The first thing to do, is importing the homemade-t module.

const { TMaker } = require("homemade-t");
const makeT = new TMaker("en");

makeT makes T functions (obviously). There are several ways of importing data:

const t = makeT.fromJSON(
	{
		// returns a TFunction
		en: {
			"info.helloworld": "Hello world!",
		},
		es: {
			"info.helloworld": "Hola mundo!",
		},
	}
);

or

const [t, setLocale] = makeT.fromJSONFile("./translations.json"); // also returns a TFunction

JSON data format 🪅

{
	// First is language locale (top level)
	"en": {
		// Inside you would put the keys
		"info.hello": "Hello {{adjectives}} {{subject}}!", // "category.key"
		"info.subjects.world": "world",
		"info.adjectives.cool": "cool" // "category.subcategory.key"
	},
	"es": {
		"info.hello": "Hola {{subject}} {{adjectives}}!", // Woah!

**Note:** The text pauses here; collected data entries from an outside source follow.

(* If the Markov monoid of a probabilistic automaton $\mathcal{A}$ contains a non-simplicity witness, then $\mathcal{A}$ is not simple.
   Context: Fix a finite alphabet $A$ and a probabilistic automaton $\mathcal{A}=(Q,q_0,\Delta,F)$, $\Delta:Q\times A\to\mathcal{D}(Q)$. For $a\in A$ let $M_a(s,t)=\Delta(s,a)(t)$, for $u=a_0\cdots a_{n-1}$ let $M_u=M_{a_0}\cdots M_{a_{n-1}}$ (identity for the empty word), $\mathbb{P}_{\mathcal{A}}(s\xrightarrow{u}t)=M_u(s,t)$ and $\mathbb{P}_{\mathcal{A}}(s\xrightarrow{u}T)=\sum_{t\in T}\mathbb{P}_{\mathcal{A}}(s\xrightarrow{u}t)$. For $w\in A^\omega$, $w_{<k}$ is its prefix of length $k$. The process induced by $w\in A^\omega$ from $p\in Q$ is simple if there exist $\lambda>0$ and sequences $(A_k),(B_k)$ of subsets of $Q$ with $A_k\cap B_k=\emptyset$, $A_k\cup B_k=Q$ for all $k$, $\mathbb{P}_{\mathcal{A}}(p\xrightarrow{w_{<k}}q)\ge\lambda$ for all $k$ and $q\in A_k$, and $\lim_n\mathbb{P}_{\mathcal{A}}(p\xrightarrow{w_{<n}}B_n)=0$; $\mathcal{A}$ is simple if every such process (all $w$, all $p$) is simple. A limit-word is a map $\mathbf{u}:Q\times Q\to\{0,1\}$ such that every $s$ has some $t$ with $\mathbf{u}(s,t)=1$. Concatenation: $(\mathbf{u}\cdot\mathbf{v})(s,t)=1$ iff there is $q$ with $\mathbf{u}(s,q)=\mathbf{v}(q,t)=1$ (written $\mathbf{u}\mathbf{v}$). $\mathbf{u}$ is idempotent if $\mathbf{u}\mathbf{u}=\mathbf{u}$; for idempotent $\mathbf{u}$, $s$ is $\mathbf{u}$-recurrent if for all $t$, $\mathbf{u}(s,t)=1\Rightarrow\mathbf{u}(t,s)=1$, and $\mathbf{u}$-transient otherwise; $\mathbf{u}^\sharp(s,t)=1$ iff $\mathbf{u}(s,t)=1$ and $t$ is $\mathbf{u}$-recurrent. For $a\in A$, $\mathbf{a}(s,t)=1$ iff $\Delta(s,a)(t)>0$; $\mathbf{1}$ is the identity. The Markov monoid of $\mathcal{A}$ is the smallest set of limit-words containing $\{\mathbf{a}\mid a\in A\}\cup\{\mathbf{1}\}$ and closed under concatenation and iteration of idempotents. A non-simplicity witness is a triple $(\mathbf{u},\mathbf{v},\mathbf{w})$ of elements of the Markov monoid, with $\mathbf{v}$ idempotent, for which there exist states $r,t$ such that: $\mathbf{u}\mathbf{v}^\sharp\mathbf{w}$ is idempotent, $r$ is $\mathbf{u}\mathbf{v}^\sharp\mathbf{w}$-recurrent, $(\mathbf{u}\mathbf{v})(r,t)=1$, and $t$ is $\mathbf{v}$-transient. *)

From HB Require Import structures.
From mathcomp Require Import all_boot all_order all_algebra.
From mathcomp Require Import all_classical all_reals all_analysis.
Set Implicit Arguments. Unset Strict Implicit. Unset Printing Implicit Defensive.
Import Order.TTheory GRing.Theory Num.Theory.
Import numFieldNormedType.Exports.
Local Open Scope ring_scope.

(* A probabilistic automaton (Q, q0, Delta, F) over a finite alphabet A;
   delta a s t = Delta(s, a)(t), and Delta(s, a) is a probability distribution. *)
Record PA (R : realType) (Q A : finType) := MkPA {
  q0 : Q;
  delta : A -> Q -> Q -> R;
  final : {set Q};
  delta_ge0 : forall a s t, 0 <= delta a s t;
  delta_sum1 : forall a s, \sum_(t : Q) delta a s t = 1
}.

Section Defs.
Context {R : realType} {Q A : finType} (aut : PA R Q A).

(* P(s --u--> t) = M_u(s,t), with M_{a0...a(n-1)} = M_{a0} ... M_{a(n-1)}. *)
Fixpoint prob (s : Q) (u : seq A) (t : Q) : R :=
  match u with
  | [::] => (s == t)%:R
  | a :: u' => \sum_(q : Q) delta aut a s q * prob q u' t
  end.

Definition prob_set (s : Q) (u : seq A) (T : {set Q}) : R :=
  \sum_(t in T) prob s u t.

Definition prefix (w : nat -> A) (k : nat) : seq A := mkseq w k.

Definition simple_process (w : nat -> A) (p : Q) : Prop :=
  exists (lam : R), 0 < lam /\
  exists (As Bs : nat -> {set Q}),
    (forall k, [disjoint As k & Bs k] /\ As k :|: Bs k = [set: Q]) /\
    (forall k q, q \in As k -> lam <= prob p (prefix w k) q) /\
    ((fun n : nat => prob_set p (prefix w n) (Bs n)) @ \oo --> (0 : R))%classic.

Definition simple : Prop := forall (w : nat -> A) (p : Q), simple_process w p.

(* Limit-words are represented as boolean relations on Q. *)
Definition limit_word (u : rel Q) : Prop := forall s, exists t, u s t.

Definition lw_cat (u v : rel Q) : rel Q := fun s t => [exists q, u s q && v q t].

Definition idempotent (u : rel Q) : Prop := forall s t, lw_cat u u s t = u s t.

Definition recurrent (u : rel Q) (s : Q) : bool := [forall t, u s t ==> u t s].

Definition transient (u : rel Q) (s : Q) : bool := ~~ recurrent u s.

Definition lw_sharp (u : rel Q) : rel Q := fun s t => u s t && recurrent u t.
Theorem lemma3p6 (R : realType) (m : nat) (Uo : set 'rV[R]_m)
  (gam : 'rV[R]_m -> 'M[R]_m) (ell : 'rV[R]_m -> 'rV[R]_m) (ell2 : 'rV[R]_m -> R)
  (Y : 'rV[R]_m -> 'M[R]_m) (z : 'rV[R]_m -> R) (V : 'rV[R]_m -> 'rV[R]_m) :
  open Uo ->
  (forall i j, smooth_on Uo (fun x => gam x i j)) ->
  (forall i, smooth_on Uo (fun x => ell x 0 i)) ->
  smooth_on Uo ell2 ->
  (forall i j, smooth_on Uo (fun x => Y x i j)) ->
  smooth_on Uo z ->
  (forall i, smooth_on Uo (fun x => V x 0 i)) ->
  (forall x, Uo x -> (gam x)^T = gam x) ->
  (forall x, Uo x -> (Y x)^T = Y x) ->
  (forall x, Uo x -> Amat (gam x) (ell x) (ell2 x) \in unitmx) ->
  (forall x, Uo x -> n2field gam ell ell2 x = 0) ->
  (forall x, Uo x -> z x != 0) ->
  let w := fun x => V x *m gam x in
  let n := nfield gam ell ell2 in
  let ell' := gauge_ell z V gam ell in
  let ell2' := gauge_ell2 z V gam ell ell2 in
  let Y' := gauge_Y z V gam ell Y in
  forall x, Uo x ->
    [/\ Uten gam ell' ell2' x = (z x)^-1 *: Uten gam ell ell2 x,
        Ften ell' x = z x *: (Ften ell x + 2^-1 *: dform w x)
                      + 2^-1 *: wedge (dfun z x) (ell x + w x),
        sform gam ell' ell2' x = sform gam ell ell2 x + 2^-1 *: lie1 n w x
                      + (vact n z x / (2 * z x)) *: (ell x + w x)
                      - (2 * z x)^-1 *: dfun z x,
        rform gam ell' ell2' Y' x = rform gam ell ell2 Y x + (2 * z x)^-1 *: dfun z x
                      + (vact n z x / (2 * z x)) *: (ell x + w x)
                      + 2^-1 *: lie1 n w x - V x *m Uten gam ell ell2 x
      & kappan gam ell' ell2' Y' x = (z x)^-1 * (kappan gam ell ell2 Y x - vact n z x / z x)].
Proof.
(* Y is never differentiated and only its contraction with n matters. *)
move=> oU sgam sell sell2 _ sz sV gam_sym _ Amat_unit null z_neq0 /= x Ux.
have U_near : \forall y \near x, Uo y by apply: open_nbhs_nbhs.
have null_data : \forall y \near x, [/\ (gam y)^T = gam y,
    Amat (gam y) (ell y) (ell2 y) \in unitmx & n2field gam ell ell2 y = 0].
  by apply: filterS U_near => y Uy; split; [apply: gam_sym | apply: Amat_unit | apply: null].
have z_near : \forall y \near x, z y != 0 by apply: filterS U_near.
have dgam : mx_pderivable gam x by move=> i j; apply: smooth_pderivable.
have dell : mx_pderivable ell x by move=> i j; rewrite ord1; apply: smooth_pderivable.
have dV : mx_pderivable V x by move=> i j; rewrite ord1; apply: smooth_pderivable.
have dell2 := smooth_pderivable sell2 Ux.
have dz := smooth_pderivable sz Ux.
split.
- exact: (Uten_gauge V null_data z_near dgam dell dell2 dz).
- exact: (Ften_gauge dgam dell dz dV).
- exact: (sform_gauge null_data z_near dgam dell dell2 dz dV).
- exact: (rform_gauge Y null_data z_near dgam dell dell2 dz dV).
exact: (kappan_gauge Y null_data z_near dgam dell dell2 dz dV).
Qed.
Lemma powv_add s t x i :
  (i < n)%nat -> (forall j, (j < n)%nat -> 0 <= x j) ->
  powv n A s (powv n A t x) i = powv n A (s + t) x i.
Proof.
  intros Hi Hx. revert i Hi. induction s; intros i Hi.
  - apply powv_0; auto. intros; apply powv_ge0.
  - rewrite powv_S by (intros; apply powv_ge0). simpl plus. rewrite (powv_S (s + t)) by auto.
    apply mvec_ext. intros j Hj; apply IHs; auto.
Qed.

Lemma powv_eigen_shift t c x :
  0 <= c -> (forall j, (j < n)%nat -> 0 <= x j) ->
  (forall i, (i < n)%nat -> powv n A (S t) x i = c * powv n A t x i) ->
  forall d i, (i < n)%nat -> powv n A (S (t + d)) x i = c * powv n A (t + d) x i.
Proof.
  intros Hc Hx Ht d. induction d; intros i Hi.
  - rewrite Nat.add_0_r; auto.
  - rewrite Nat.add_succ_r, !powv_S by (auto; intros; apply powv_ge0).
    rewrite (mvec_ext n A _ (fun j => c * powv n A (t + d) x j)) by auto.
    apply mvec_scale; auto.
Qed.

End Powers.

(** * Walks in a circulant *)

Lemma mod_add_mod n i u v : (((i + u) mod n + v) mod n = (i + (u + v)) mod n)%nat.
Proof. rewrite Nat.Div0.add_mod_idemp_l. f_equal; lia. Qed.

Lemma mod_add_mul_n n i w : (i < n)%nat -> ((i + w * n) mod n = i)%nat.
Proof. intros; rewrite Nat.Div0.mod_add; apply Nat.mod_small; auto. Qed.

Lemma circ_step n a i s :
  (i < n)%nat -> (s < n)%nat -> Circ n a i ((i + s) mod n) = a s.
Proof.
  intros Hi Hs; unfold Circ. f_equal.
  destruct (Nat.lt_ge_cases (i + s) n) as [H|H].
  - rewrite (Nat.mod_small (i + s)) by auto.
    replace (n + (i + s) - i)%nat with (s + 1 * n)%nat by lia. apply mod_add_mul_n; auto.
  - replace (i + s)%nat with ((i + s - n) + 1 * n)%nat by lia.
    rewrite mod_add_mul_n by lia.
    replace (n + (i + s - n) - i)%nat with s by lia. apply Nat.mod_small; auto.
Qed.

Lemma circ_target n i j :
  (i < n)%nat -> (j < n)%nat -> ((i + (n + j - i) mod n) mod n = j)%nat.
Proof.
  intros Hi Hj. rewrite Nat.Div0.add_mod_idemp_r.
  replace (i + (n + j - i))%nat with (j + 1 * n)%nat by lia. apply mod_add_mul_n; auto.
Qed.

Fixpoint walk_weight (a : nat -> R) (l : list nat) : R :=
  match l with
  | nil => 1
  | s :: l' => a s * walk_weight a l'
  end.

Definition endp (n i : nat) (l : list nat) : nat := ((i + list_sum l) mod n)%nat.

Lemma walk_weight_app a l1 l2 :
  walk_weight a (l1 ++ l2) = walk_weight a l1 * walk_weight a l2.
Proof. induction l1; simpl; [ring | rewrite IHl1; ring]. Qed.

Lemma walk_weight_repeat a s m : walk_weight a (repeat s m) = a s ^ m.
Proof. induction m; simpl; [reflexivity | rewrite IHm; reflexivity]. Qed.

Lemma walk_weight_ge0 a l : (forall s, In s l -> 0 <= a s) -> 0 <= walk_weight a l.
Proof.
  induction l; simpl; intros H; [lra|].
  apply Rmult_le_pos; [apply H | apply IHl]; auto.
Qed.

Lemma walk_weight_le_pow a l c :
  (forall s, In s l -> 0 <= a s <= c) -> walk_weight a l <= c ^ length l.
Proof.
  induction l; simpl; intros H; [lra|].
  destruct (H a0 (or_introl eq_refl)).
  apply Rmult_le_compat; auto.
  apply walk_weight_ge0; intros; apply H; auto.
Qed.

Lemma walk_weight_scale a b c l :
  0 <= c -> (forall s, In s l -> 0 <= b s /\ c * b s <= a s) ->
  c ^ length l * walk_weight b l <= walk_weight a l.
Proof.
  intros Hc; induction l; simpl; intros H; [lra|].
  destruct (H a0 (or_introl eq_refl)).
  assert (0 <= walk_weight b l) by (apply walk_weight_ge0; intros; apply H; auto).
  replace (c * c ^ length l * (b a0 * walk_weight b l))
    with ((c * b a0) * (c ^ length l * walk_weight b l)) by ring.
  apply Rmult_le_compat; auto.
  - apply Rmult_le_pos; auto.
  - apply Rmult_le_pos; [apply pow_le; auto | auto].
Qed.

(** * Compressing long walks *)

Lemma pigeonhole_nat n (f : nat -> nat) :
  (forall j, (j <= n)%nat -> (f j < n)%nat) -> exists p q, (p < q <= n)%nat /\ f p = f q.
Proof.
  intros Hf. apply NNPP; intros Hno.
  set (L := map f (seq 0 (S n))).
  assert (Hnth : forall i, (i < S n)%nat -> nth i L (f 0%nat) = f i).
  { intros i Hi. unfold L. rewrite map_nth, seq_nth; auto. }
  assert (HL : NoDup L).
  { apply (NoDup_nth L (f 0%nat)). unfold L at 1 2; rewrite length_map, length_seq.
    intros i j Hi Hj E. rewrite !Hnth in E by auto.
    destruct (Nat.lt_total i j) as [H|[H|H]]; auto; exfalso; apply Hno.
    - exists i, j; split; [lia | auto].
    - exists j, i; split; [lia | auto]. }
  apply NoDup_incl_length with (l' := seq 0 n) in HL.
  - unfold L in HL; rewrite length_map, !length_seq in HL; lia.
  - intros u Hu. unfold L in Hu. apply in_map_iff in Hu as [j [<- Hj]].
    apply in_seq in Hj. apply in_seq. specialize (Hf j ltac:(lia)); lia.
Qed.
Fixpoint cnt (n : nat) (p : nat -> bool) : nat :=
  match n with O => O | S m => (cnt m p + (if p m then 1 else 0))%nat end.

Fixpoint sumN (n : nat) (g : nat -> nat) : nat :=
  match n with O => O | S m => (sumN m g + g m)%nat end.

(* ======================================================================
   The real Clifford algebra Cl_{0,7}, e_i e_j + e_j e_i = -2 delta_ij.
   An element is a function from blade masks A (0 <= A < 128) to R:
   bit (i-1) of A is set iff e_i occurs in the basis blade e_A, whose
   factors are written in increasing order.  Mask 0 is e_0 = 1.
   ====================================================================== *)
Definition Cl := nat -> R.

(* number of pairs (a in A, b in B) with a > b *)
Definition inv_count (A B : nat) : nat :=
  sumN 7 (fun k => if Nat.testbit A k
                   then cnt k (fun l => Nat.testbit B l) else O).

Definition meet_count (A B : nat) : nat :=
  cnt 7 (fun k => Nat.testbit A k && Nat.testbit B k).

(* e_A e_B = blade_sign A B * e_(A xor B)  (since e_i^2 = -1) *)
Definition blade_sign (A B : nat) : R :=
  if Nat.even (inv_count A B + meet_count A B) then 1 else -1.

Definition cl_mul (x y : Cl) : Cl :=
  fun C => sumR 128 (fun A => blade_sign A (Nat.lxor A C) * x A * y (Nat.lxor A C)).

Definition cl_add (x y : Cl) : Cl := fun A => x A + y A.
Definition cl_scal (r : R) (x : Cl) : Cl := fun A => r * x A.
Definition cl_sum (n : nat) (g : nat -> Cl) : Cl := fun A => sumR n (fun k => g k A).
Definition cl_one : Cl := fun A => if Nat.eqb A 0 then 1 else 0.

Definition cl_e (i : nat) : Cl :=
  match i with
  | O => cl_one
  | S k => fun A => if Nat.eqb A (2 ^ k)%nat then 1 else 0
  end.

Definition cl_e3 (i j k : nat) : Cl := cl_mul (cl_mul (cl_e i) (cl_e j)) (cl_e k).

Definition cl_e1234567 : Cl :=
  cl_mul (cl_mul (cl_mul (cl_mul (cl_mul (cl_mul (cl_e 1) (cl_e 2)) (cl_e 3))
    (cl_e 4)) (cl_e 5)) (cl_e 6)) (cl_e 7).

Definition cl_W : Cl :=
  cl_add (cl_e3 1 2 3) (cl_add (cl_e3 1 4 5) (cl_add (cl_e3 1 7 6)
  (cl_add (cl_e3 2 4 6) (cl_add (cl_e3 2 5 7) (cl_add (cl_e3 3 4 7)
  (cl_e3 3 6 5)))))).

Definition cl_I : Cl :=
  cl_scal (1 / 16)
    (cl_mul (cl_add cl_one (cl_mul cl_W cl_e1234567))
            (cl_add cl_one (cl_scal (-1) cl_e1234567))).

Definition grade (k : nat) (c : Cl) : Cl :=
  fun A => if Nat.ltb A 128 && Nat.eqb (cnt 7 (Nat.testbit A)) k then c A else 0.

(* ======================================================================
   Octonions: element = coordinates (nat -> R) on the basis 1,e_1..e_7.
   ====================================================================== *)
Definition Oct := nat -> R.

Definition oct_triples : list (nat * nat * nat) :=
  ((1,2,3) :: (1,4,5) :: (1,7,6) :: (2,4,6) :: (2,5,7) :: (3,4,7) :: (3,6,5) :: nil)%nat.

(* e_i o e_j = fst (otab i j) * e_(snd (otab i j)) *)
Fixpoint otab_aux (i j : nat) (l : list (nat * nat * nat)) : R * nat :=
  match l with
  | nil => (0%R, O)
  | (a, b, c) :: l' =>
      if Nat.eqb i a && Nat.eqb j b then (1, c)
      else if Nat.eqb i b && Nat.eqb j c then (1, a)
      else if Nat.eqb i c && Nat.eqb j a then (1, b)
      else if Nat.eqb i b && Nat.eqb j a then (-1, c)
      else if Nat.eqb i c && Nat.eqb j b then (-1, a)
      else if Nat.eqb i a && Nat.eqb j c then (-1, b)
      else otab_aux i j l'
  end.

Adjectives behind???
		"info.subjects.world": "mundo",
		"info.adjectives.cool": "genial"
	}
}

The above data is used as test data below

Usage 🫖

// Locale is by default english (defined in init as "en")
console.log(t("info.hello", { subject: t("world") })); // Outputs: Hello world!
console.log(
	t("info.hello", {
		subject: "Monkee 🐒",
		adjectives: t("info.adjectives.cool"),
	})
); // Outputs: Hello cool Monkee 🐒!

setLocale("es"); // Change locale to Español (Spanish)
console.log(t("info.hello", { subject: t("world") })); // Outputs: Hola mundo!
console.log(
	t("info.hello", {
		subject: "Monkee 🐒",
		adjectives: t("info.adjectives.cool"),
	})
); // Outputs: Hola Monkee 🐒 genial!

Note that this is only an example and is not a realistic use case.